Content starts

Lemma runit_tmap (X1 Y1 X2 : choiceType) (f : vec X1 -> vec X2)
    (g : vec Y1 -> vec unit) w :
  linmap f -> linmap g -> runit (tmap f g w) = f (runit (tmap (@idv K X1) g w)).
Proof.
move=> linf ling; move: w; apply: linmap_eq_bas; [linmap_tac|linmap_tac|move=> p].
by rewrite !tmap_bas !runit_tens linmapZ.
Qed.

End TensorCalculus.

Section HopfAxioms.
Variables (K : fieldType) (X : choiceType) (H : hopf_data K X).
Hypothesis hH : is_hopf H.
Local Notation m := (hmul H).
Local Notation D := (hcomul H).

Lemma linmap_hmul : linmap m.
Proof. by case: hH => -[]. Qed.

Lemma linmap_hcomul : linmap D.
Proof. by case: hH => -[]. Qed.

Lemma linfun_hcounit : Defs.linfun (hcounit H).
Proof. by case: hH => -[]. Qed.

Lemma hmulA a b c : m (tens (m (tens a b)) c) = m (tens a (m (tens b c))).
Proof.
have linm := linmap_hmul; case: hH => _ [assoc _ _ _ _].
by have := assoc (tens (tens a b) c); rewrite push_asr_tens !tmap_tens; linmap_tac.
Qed.

Lemma hmulr1 a : m (tens a (hone H)) = a.
Proof. by case: hH => _ [_ /(_ a) [] _ ->]. Qed.

Lemma hcomulM a b : D (m (tens a b)) = tmul m m (tens (D a) (D b)).
Proof.
have [linm linD] := (linmap_hmul, linmap_hcomul).
case: hH => _ [_ _ _ _ [comulM _ _ _ _]].
by rewrite comulM tmap_tens.
Qed.

Lemma hcomul1 : D (hone H) = tens (hone H) (hone H).
Proof. by case: hH => _ [_ _ _ _ []]. Qed.

End HopfAxioms.

Section PartialComoduleCoalgebra.
Variables (K : fieldType) (I J : choiceType).
Variables (A : hopf_data K I) (Y : hopf_data K J) (rho : vec K J -> vec K (I * J)).
Hypotheses (hA : is_hopf A) (hY : is_hopf Y) (hrho : linmap rho).

Local Notation vec := (vec K).
Local Notation mA := (hmul A).
Local Notation oA := (hone A).
Local Notation DA := (hcomul A).
Local Notation mY := (hmul Y).
Local Notation oY := (hone Y).
Local Notation DY := (hcomul Y).
Local Notation T := (Tmap A Y rho).

Let linmap_mA := linmap_hmul hA.
Let linmap_DA := linmap_hcomul hA.
Let linmap_mY := linmap_hmul hY.
Let linmap_DY := linmap_hcomul hY.
Let linfun_eY := linfun_hcounit hY.

Definition rmulA (a b : vec I) : vec I := mA (tens b a).
Definition rmulAA (s w : vec (I * I)) : vec (I * I) := tmul mA mA (tens w s).
Definition rmulAAY (s : vec (I * I)) (z : vec (I * (I * J))) : vec (I * (I * J)) :=
  tmul mA (tmul mA mY) (tens z (push (@asr I I J) (tens s oY))).
Definition rho_eps (y : vec J) : vec I :=
  runit (tmap (@idv K I) (funv (hcounit Y)) (rho y)).

Lemma linmap_rmulA a : linmap (rmulA a).
Proof. by rewrite /rmulA; linmap_tac. Qed.

Lemma linmap_rmulAA s : linmap (rmulAA s).
Proof. by rewrite /rmulAA; linmap_tac. Qed.

Lemma linmap_rmulAA_l w : linmap (fun s => rmulAA s w).
Proof. by rewrite /rmulAA; linmap_tac. Qed.

Lemma linmap_rmulAAY s : linmap (rmulAAY s).
Proof. by rewrite /rmulAAY; linmap_tac. Qed.

Lemma linmap_rmulAAY_l z : linmap (fun s => rmulAAY s z).
Proof. by rewrite /rmulAAY; linmap_tac. Qed.

Lemma linmap_Tmap : linmap T.
Proof. exact: linmap_linext. Qed.

Lemma linmap_Teps : linmap (Teps A Y rho).
Proof. by rewrite /Teps; have linT := linmap_Tmap; linmap_tac. Qed.

Lemma linmap_rho_eps : linmap rho_eps.
Proof. by rewrite /rho_eps; linmap_tac. Qed.

#[local] Hint Extern 1 (linmap (rmulA _)) => exact: linmap_rmulA : linmap.
#[local] Hint Extern 1 (linmap (rmulAA _)) => exact: linmap_rmulAA : linmap.
#[local] Hint Extern 1 (linmap (rmulAAY _)) => exact: linmap_rmulAAY : linmap.
#[local] Hint Extern 1 (linmap (fun s => rmulAAY s _)) => exact: linmap_rmulAAY_l : linmap.
#[local] Hint Extern 1 (linmap (Tmap _ _ _)) => exact: linmap_Tmap : linmap.
#[local] Hint Extern 1 (linmap (Teps _ _ _)) => exact: linmap_Teps : linmap.
#[local] Hint Extern 1 (linmap rho_eps) => exact: linmap_rho_eps : linmap.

Content ends

→ PROBLEM STATEMENT
Every line above that holds the word "Definition" needs to be copied.

→ RESULT
Definition rmulA (a b : vec I) : vec I := mA (tens b a).
Definition rmulAA (s w : vec (I * I)) : vec (I * I) := tmul mA mA (tens w s).
Definition rmulAAY (s : vec (I * I)) (z : vec (I * (I * J))) : vec (I * (I * J)) :=
Definition rho_eps (y : vec J) : vec I :=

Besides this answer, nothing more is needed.